Christmas turned out to be fun. There were, of course, a few small hiccups as there is at any family gathering. The largest, um, hiccup turned out to be my older brother. Now, I love my brother dearly. Until I was four, it was just the two of us and we're less than two years apart. This meant whether we liked it or not, we played together as children. We were always very different but most of the time that's never mattered. It's actually been quite a good thing.

However, one of the biggest differences my brother and I have is the way we view the world. I'm a worrier. I like to be constantly on time. I believe that if someone has taken the trouble to invite me somewhere, I should a) show up and b) be on time. My older brother is not such a worrier. He's very casual. He shows up when he's ready. He's of the viewpoint that if he's been invited somewhere, people want him there so it doesn't really matter if he's on time or not.

This does not make him a bad person. It just makes him different to me. My way is not necessarily right. Neither is his.

It's just...frustrating. Take, for example, Christmas Eve. Normally, my parents and I spend the day finishing up shopping and wrapping and we have very little time to spend together. This year, we all planned to be shopped and wrapped by the evening so we could have a nice supper together and watch a holiday movie to celebrate the fact that it was Christmas Eve.

Well, we had the supper. Then we sat down to watch "Serendipity". Then my older brother showed up. He didn't seem to notice we were watching a movie or relaxing. Instead, he started to wrap gifts. This made sense because the gifts were for his stepson and wife who were currently at home and he didn't want them to see their gifts. He showed up at 9 p.m.

Then he began to wrap his first gift- a very, very large box containing one of those gaming chairs for his stepson. Now, I should take this time to explain that both my older brother and my dad are WRAPPERS rather than "wrappers". A "wrapper" is someone like me who tries to wrap gifts neatly but doesn't get them perfectly wrapped, instead using a lot of tape to make it look even. The WRAPPERS are people who measure a package perfectly, measure out their wrapping paper, sometimes with a tape measure. They then cut the paper perfectly straight and, when they begin to wrap, crease their paper in a perfectly straight line at the folds and, when they tape, tape so precisely that it's almost invisible. Also, almost impossible to open.

Thus, to me, a "wrapper", the gaming chair would probably have taken ten minutes to wrap, tops. To my brother, a WRAPPER, it took...three hours.

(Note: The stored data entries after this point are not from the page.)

Lemma peak_cost_kink y w : diagonal y ->
  2 * peak_cost y + 2 * `|y 0 0 * w 0 0 - y 1 0 * w 1 0| <= peak_cost (y + w) + peak_cost (y - w).
Proof.
(* Pair the cost at [y + w] with the swapped cost at [y - w], and vice versa. *)
rewrite /diagonal => diag.
have := stage_cost_le_peak false (y + w); have := stage_cost_le_peak true (y + w).
have := stage_cost_le_peak false (y - w); have := stage_cost_le_peak true (y - w).
have -> : peak_cost y = 3 * y 0 0 ^+ 2.
  rewrite /peak_cost /cost /swapped_cost -diag addrC maxxx; ring.
rewrite /stage_cost /cost /swapped_cost !mxE.
have := sqr_ge0 (w 0 0); have := sqr_ge0 (w 1 0).
by case: (lerP 0 (y 0 0 * w 0 0 - y 1 0 * w 1 0)) => [/ger0_norm|/ltr0_norm] ->; nra.
Qed.

End stage_costs.

(** * The worst-case value function *)

Section worst_case_value.
Variables (R : realType) (alpha : R).
Local Notation rho := (1 / 100 : R).
Local Notation A := (Apair alpha).
Local Notation perp x := (rot (pi / 2) *m x).
Implicit Types (x w : 'cV[R]_2) (sigma : nat -> 'I_2).

Definition mode2_count sigma t := \sum_(s < t) (sigma s != 0 : nat).

Lemma traj_Apair sigma x t : traj A sigma x t =
  rho ^+ t *: (rot (t%:R * alpha - (mode2_count sigma t)%:R * (pi / 2)) *m x).
Proof.
elim: t => [|t IHt] /=.
  by rewrite /mode2_count big_ord0 !mul0r subr0 rot0_mulmx expr0 scale1r.
rewrite IHt /mode2_count big_ord_recr /= -/(mode2_count sigma t) /Apair.
case: ifP => _; rewrite -scalemxAr -scalemxAl scalerA -exprSr rot_mulmxA;
  by congr (_ *: (rot _ *m x)); rewrite /= ?addn0 ?natrD -?natr1; ring.
Qed.

Lemma cost_traj_Apair sigma x t : cost (traj A sigma x t) =
  rho ^+ (2 * t) * stage_cost (odd (mode2_count sigma t)) (rot (t%:R * alpha) *m x).
Proof.
rewrite traj_Apair costZ -exprM mulnC.
by congr (_ * _); exact: (stage_cost_rotB_quarter_turns false).
Qed.

Definition value_term x t := rho ^+ (2 * t) *
  (if t is 0 then cost x else peak_cost (rot (t%:R * alpha) *m x)).

Lemma cost_traj_le_value_term sigma x t : cost (traj A sigma x t) <= value_term x t.
Proof.
rewrite cost_traj_Apair /value_term; apply: ler_wpM2l; first exact: exprn_ge0.
case: t => [|t]; last exact: stage_cost_le_peak.
by rewrite /mode2_count big_ord0 mul0r rot0_mulmx.
Qed.

Definition best_parity x t := (0 < t)%N &&
  (cost (rot (t%:R * alpha) *m x) < swapped_cost (rot (t%:R * alpha) *m x)).

Definition best_switching x t : 'I_2 :=
  if best_parity x t.+1 != best_parity x t then 1 else 0.

Lemma odd_mode2_count_best x t : odd (mode2_count (best_switching x) t) = best_parity x t.
Proof.
elim: t => [|t IHt]; first by rewrite /mode2_count big_ord0.
rewrite /mode2_count big_ord_recr /= -/(mode2_count _ t) oddD IHt /best_switching.
by case: (best_parity x t.+1); case: (best_parity x t).
Qed.

Lemma cost_traj_best x t : cost (traj A (best_switching x) x t) = value_term x t.
Proof.
rewrite cost_traj_Apair odd_mode2_count_best /value_term /best_parity.
by case: t => [|t] /=; [rewrite mul0r rot0_mulmx | rewrite /peak_cost /Num.max; case: ifP].
Qed.

Lemma value_term_ge0 x t : 0 <= value_term x t.
Proof. by rewrite -cost_traj_best cost_ge0. Qed.

Lemma value_term_le_geometric x t : value_term x t <= geometric (2 * sqnorm x) (rho ^+ 2) t.
Proof.
rewrite /value_term /= [leRHS]mulrC -exprM; apply: ler_wpM2l; first exact: exprn_ge0.
case: t => [|t]; first exact: le_trans (stage_cost_le_peak false x) (peak_cost_le x).
by rewrite -(sqnorm_rot (t.+1%:R * alpha)) peak_cost_le.
Qed.

Lemma is_cvg_value_series x : cvgn (series (value_term x)).
Proof.
apply: (series_le_cvg (v_ := geometric (2 * sqnorm x) (rho ^+ 2))).
- exact: value_term_ge0.
- by move=> n; apply: geometric_ge0; rewrite ?sqr_ge0 // mulr_ge0 ?sqnorm_ge0.
- exact: value_term_le_geometric.
- by apply: is_cvg_geometric_series; rewrite ger0_norm ?sqr_ge0 //; lra.
Qed.

Definition worst_value x := limn (series (value_term x)).

Lemma Jworst_Apair x : Jworst A (@cost R) x = worst_value x.
Proof.
have le_worst sigma : limn (series (@cost R \o traj A sigma x)) <= worst_value x.
  have le_series := cost_traj_le_value_term sigma x.
  have cvg_sigma : cvgn (series (@cost R \o traj A sigma x)).
    apply: (series_le_cvg (v_ := value_term x)) => //; last exact: is_cvg_value_series.
      by move=> n; exact: cost_ge0.
    exact: value_term_ge0.
  apply: ler_lim cvg_sigma _ _; first exact: is_cvg_value_series.
  by apply: nearW => n; apply: ler_sum => t _; exact: le_series.
have attained : limn (series (@cost R \o traj A (best_switching x) x)) = worst_value x.
  by congr (limn _); apply/funext => n; apply: eq_bigr => t _; exact: cost_traj_best.
rewrite /Jworst; set E := [set v | _].
have Ew : E (worst_value x) by exists (best_switching x); rewrite attained.
have ubw : ubound E (worst_value x) by move=> _ [sigma ->]; exact: le_worst.
apply/eqP; rewrite eq_le ge_sup //=; last by exists (worst_value x).
by apply: sup_upper_bound => //; split; exists (worst_value x).
Qed.

Lemma value_term_midpoint_convex x w t :
  2 * value_term x t <= value_term (x + w) t + value_term (x - w) t.
Proof.
rewrite /value_term mulrCA -mulrDr; apply: ler_wpM2l; first exact: exprn_ge0.
case: t => [|t]; last by rewrite mulmxDr mulmxBr peak_cost_midpoint_convex.
by rewrite cost_parallelogram lerDl mulr_ge0 ?cost_ge0.
Qed.

Definition kink_slope x t := rho ^+ (2 * t) *
  (4 * `|(rot (t%:R * alpha) *m x) 0 0 * (rot (t%:R * alpha) *m x) 1 0|).

Lemma value_term_kink x h t : (0 < t)%N -> diagonal (rot (t%:R * alpha) *m x) ->
  kink_slope x t * `|h| + 2 * value_term x t <=
  value_term (x + h *: perp x) t + value_term (x - h *: perp x) t.
Proof.
case: t => [//|t] _; rewrite /value_term /kink_slope.
rewrite mulmxDr mulmxBr -!scalemxAr rot_mulmxC.
move: (rot _ *m x) => y diag; set r := rho ^+ _.
have -> : r * (4 * `|y 0 0 * y 1 0|) * `|h| + 2 * (r * peak_cost y) =
          r * (4 * `|y 0 0 * y 1 0| * `|h| + 2 * peak_cost y) by ring.
rewrite -mulrDr; apply: ler_wpM2l; first exact: exprn_ge0.
apply: le_trans (peak_cost_kink _ diag); rewrite addrC lerD2l.
have u0 : (perp y) 0 0 = - y 1 0 by rewrite rot_mulmx0 cos_pihalf sin_pihalf; ring.
have u1 : (perp y) 1 0 = y 0 0 by rewrite rot_mulmx1 cos_pihalf sin_pihalf; ring.
move: (perp y) u0 u1 => u u0 u1; rewrite !mxE u0 u1.
have -> : y 0 0 * (h * - y 1 0) - y 1 0 * (h * y 0 0) = - 2 * h * (y 0 0 * y 1 0) by ring.
by rewrite !normrM normrN [`|2|]ger0_norm //; lra.
Qed.

Lemma worst_value_kink x h t : (0 < t)%N -> diagonal (rot (t%:R * alpha) *m x) ->
  kink_slope x t * `|h| <=
  worst_value (x + h *: perp x) + worst_value (x - h *: perp x) - 2 * worst_value x.
Proof.
move=> t0 diag.
set D := fun s => value_term (x + h *: perp x) s + value_term (x - h *: perp x) s
                  - 2 * value_term x s.
have D_ge0 s : 0 <= D s by rewrite subr_ge0 value_term_midpoint_convex.
have cvgD : series D @ \oo -->
    worst_value (x + h *: perp x) + worst_value (x - h *: perp x) - 2 * worst_value x.
  have -> : series D = (fun n => series (value_term (x + h *: perp x)) n +
      series (value_term (x - h *: perp x)) n - 2 * series (value_term x) n).
    by apply/funext => n; rewrite /series /= sumrB big_split mulr_sumr.
  by apply: cvgB; [apply: cvgD | apply: cvgMl_tmp]; exact: is_cvg_value_series.
rewrite -(cvg_lim _ cvgD) //; apply: le_trans (series_ge_term t D_ge0 (cvgP _ cvgD)).
by rewrite /D lerBrDr value_term_kink.
Qed.

Lemma kink_slope_gt0 x t : x != 0 -> diagonal (rot (t%:R * alpha) *m x) -> 0 < kink_slope x t.
Proof.
set y := rot _ *m x => x0 diag.
have y_neq0 : y != 0.
  apply: contraNneq x0 => y0.
  by rewrite -(rot0_mulmx x) -(addNr (t%:R * alpha)) -rot_mulmxA -/y y0 mulmx0.
have y00 : y 0 0 != 0.
  apply: contraNneq y_neq0 => y0; apply/eqP/cV2_ext; rewrite [RHS]mxE ?y0 //.
  by apply/eqP; rewrite -sqrf_eq0 -diag y0 expr0n.
have y10 : y 1 0 != 0 by apply: contra y00; rewrite -sqrf_eq0 -diag sqrf_eq0.
by rewrite /kink_slope mulr_gt0 ?exprn_gt0 // mulr_gt0 // normr_gt0 mulf_neq0.
Qed.

Lemma not_differentiable_worst_value x t : (0 < t)%N -> x != 0 ->
  diagonal (rot (t%:R * alpha) *m x) -> ~ differentiable worst_value x.
Proof.
move=> t0 x0 diag.
apply: (not_differentiable_of_kink (v := perp x) (kink_slope_gt0 x0 diag)) => h.
exact: worst_value_kink.
Qed.

End worst_case_value.

Lemma dense_rot_diagonal (R : realType) (alpha : R) : irrational (alpha / (pi *+ 2)) ->
  dense [set x : 'cV[R]_2 | exists2 t, (0 < t)%N & diagonal (rot (t%:R * alpha) *m x)].
Proof.
move=> irr U [y Uy] oU.
have [d d0 dU] : exists2 d : R, 0 < d & forall th, `|th| < d -> U (rot th *m y).
  have : nbhs (rot 0 *m y) U by rewrite rot0_mulmx; exact: open_nbhs_nbhs.
  move=> /(@continuous_rot_mulmx _ y 0) /nbhs_ballP [d d0 dU].
  by exists d => // th th_d; apply: dU; rewrite /ball /= sub0r normrN.
have [psi diag_psi] := exists_rot_diagonal y.
have pi2_gt0 : 0 < pi *+ 2 :> R by rewrite mulrn_wgt0 ?pi_gt0.
have [t [t0 [k tk]]] := multiples_approx_mod psi pi2_gt0 irr d0.
pose th := psi + k%:~R * (pi *+ 2) - t%:R * alpha.
exists (rot th *m y); split.
  apply: dU; rewrite -normrN (_ : - th = t%:R * alpha - psi - k%:~R * (pi *+ 2)) //.
  by rewrite /th; ring.
exists t => //; rewrite rot_mulmxA (_ : _ + th = psi + k%:~R * (pi *+ 2)) ?rotDz.
  by rewrite /diagonal diag_psi.
by rewrite /th; ring.
Qed.

Theorem corollary4 (R : realType) (alpha : R) :
  pi / 8 < alpha < 3 * pi / 8 ->
  ~ (exists q : rat, alpha / pi = ratr q) ->
  dense [set x : 'cV[R]_2 | ~ differentiable (Jworst (Apair alpha) (@cost R)) x].
Proof.
move=> _ not_rat.
have irr : irrational (alpha / (pi *+ 2)).
  move=> [q _ q_eq]; apply: not_rat; exists (q * 2%:R).
  by rewrite rmorphM /= ratr_nat q_eq -[pi *+ 2]mulr_natr invfM mulrA divfK ?pnatr_eq0.
have -> : Jworst (Apair alpha) (@cost R) = worst_value alpha.
  by apply/funext => x; exact: Jworst_Apair.
have e0 : const_mx 1 != 0 :> 'cV[R]_2.
  by apply/eqP => /matrixP /(_ 0 0); rewrite !mxE; exact/eqP/oner_neq0.
apply: dense_subset (denseI (open_set1C 0) (dense_set1C_normed 0 e0) (dense_rot_diagonal irr)).
by move=> x [/eqP x0 [t t0 diag]]; exact: not_differentiable_worst_value t0 x0 diag.
Qed.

Do you think I'm joking? I assure you, I'm not. By midnight, my dad, mother and I were agape that he was just finishing up this first package. We began to tease him. He took offense. The teasing was a desperate attempt to laugh at a bad situation because during the course of his wrapping, he'd talked over our movie and was banging about rather a lot on the dining room table which sits outside my parent's bedroom door. This meant even if my parents had gone to bed, the clomping, tearing and tape dispensing probably wouldn't have helped them get to sleep.

In the end, my brother finished his wrapping at 1 a.m. My mother and I stayed up with him to keep him company. The stuffing of his wife's stocking took another 30 minutes. By the time he left, my mother and I had resorted to teasing him. He was a little annoyed with us because he simply didn't understand that "wrappers" find WRAPPERS to be...odd.

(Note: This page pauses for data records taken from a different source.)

(* Let $\mathsf{T}$ be a rooted plane tree, let $k\geq 0$ be an integer, and let $\delta\in\mathsf{Pop}^k(\mathcal{O}(\mathsf{T}))$. For all $v\in\mathsf{T}$ and all $u\in\delta(v)$, we have $\mathrm{rk}_v(u)\geq k$.
   Context: A rooted plane tree $\mathsf{T}$ is a finite tree with a distinguished root, regarded as a poset $\leq_\mathsf{T}$ in which $v'\leq_\mathsf{T} v$ iff $v$ lies on the path from $v'$ to the root. $\Delta_\mathsf{T}(v)=\{v':v'\leq_\mathsf{T} v\}$; a leaf is a node covering nothing. $\mathcal{M}_\mathsf{T}$ is the set of maximal chains (leaf-to-root paths). For $C\in\mathcal{M}_\mathsf{T}$ and $v\in C$: $\mathrm{height}_C(v)$ is the number of elements of $C$ strictly below $v$; if $v$ is not a leaf, $\mathrm{ch}_C(v)$ is the element of $C$ covered by $v$; $b_C(v)=|\Delta_\mathsf{T}(v)|-\mathrm{height}_C(v)-1$; $f_C(v)=0$ if $v$ is a leaf, and otherwise with $w=\mathrm{ch}_C(v)$, $f_C(v)=f_C(w)+1$ if $f_C(w)+1\leq b_C(w)$ and $f_C(v)=f_C(w)$ otherwise. For $v\in\mathsf{T}$, the tree $\mathsf{T}^*_v$ is obtained from $\mathsf{T}$ by attaching, below the leaf of each maximal chain $C\in\mathcal{M}_\mathsf{T}$ containing $v$, a new chain of $f_C(v)$ nodes. For a rooted tree, the height of a node $u$ is the maximum length (number of elements minus one) of a chain of nodes lying weakly below $u$. The $v$-rank of $u\in\mathsf{T}$ is $\mathrm{rk}_v(u)=-1$ if $u\not\leq_\mathsf{T} v$, $\mathrm{rk}_v(u)=\infty$ if $u=v$, and otherwise $\mathrm{rk}_v(u)$ is the height of $u$ in $\mathsf{T}^*_v$. An ornament is a nonempty set of nodes inducing a connected subgraph; an ornamentation is a map $\delta$ from nodes to ornaments such that the maximal element of $\delta(v)$ is $v$ and any two sets $\delta(v),\delta(v')$ are nested or disjoint. $\mathcal{O}(\mathsf{T})$ is the set of ornamentations ordered by pointwise inclusion (a lattice with meet given by pointwise intersection), and $\mathsf{Pop}(\delta)=\bigwedge(\{\delta\}\cup\{\delta':\delta'\lessdot\delta\})$; $\mathsf{Pop}^k$ is the $k$-th iterate. *)

From mathcomp Require Import all_boot.
Set Implicit Arguments. Unset Strict Implicit. Unset Printing Implicit Defensive.

(* A finite rooted tree on the node type T, given by its parent map:
   [par root = root] and every node reaches the root by iterating [par].
   (The plane structure, i.e. the order of children, plays no role in the
   statement and is not recorded.) *)
Record rtree (T : finType) := RTree {
  root : T;
  par : T -> T;
  par_root : par root = root;
  reach_root : forall v, fconnect par v root }.

Section Tree.
Variables (T : finType) (par : T -> T).

Definition tle (v' v : T) : bool := fconnect par v' v.

Definition Delta (v : T) : {set T} := [set w | tle w v].

(* leaf : covers nothing (the root is the only fixed point of par) *)
Definition is_leaf (v : T) : bool := [forall w, (par w == v) ==> (w == v)].

(* number of parent steps from w up to u (when w <= u) *)
Definition dist (w u : T) : nat := index u (traject par w #|T|).

Definition height (u : T) : nat := \max_(w | tle w u) dist w u.

(* Maximal chains are indexed by their leaf l: C_l = [set w | tle l w]. *)
Definition chain (l : T) : {set T} := [set w | tle l w].

Definition heightC (l v : T) : nat :=
  #|[set w | (w \in chain l) && tle w v && (w != v)]|.

Definition bC (l v : T) : nat := #|Delta v| - heightC l v - 1.

(* f along the chain C_l, indexed by position i (node iter i par l);
   position 0 is the leaf l, and the child of position i.+1 is position i. *)
Fixpoint fseq (l : T) (i : nat) : nat :=
  match i with
  | 0 => 0
  | i'.+1 => let w := iter i' par l in
             if fseq l i' + 1 <= bC l w then fseq l i' + 1 else fseq l i'
  end.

We ended up laughing about it. What else can you do? He didn't mean to be frustrating. He didn't mean to be rude. He was simply doing what he needed to do to get his wrapping done. It's the way he is and for better, or for worse, I have to love him for it.

Of course, it didn't quite end there. Christmas Day arrived and my mum and I had planned a buffet style "tea" for Christmas night consisting of cold meats, cheeses, veggies, dips, salads...all the sort of stuff people can pick at and enjoy without being too formal. It took a lot of work. Due to the fact that I'm slightly food obsessed, I concentrated on making it look pretty as well as tasting nice. Our tea was to be ready by 6 p.m. My younger sister and her family and my younger brother and his family arrived earlier in the afternoon so gifts could be exchanged before we all ate and the children had time to play a little.

My older brother didn't tell us when he was going to arrive. I texted him. His wife called back and I told her tea would be a six. Then later, when it got closer to tea time, he still hadn't arrived. His wife called my mum and again, we said tea was at six. I started to get frustrated.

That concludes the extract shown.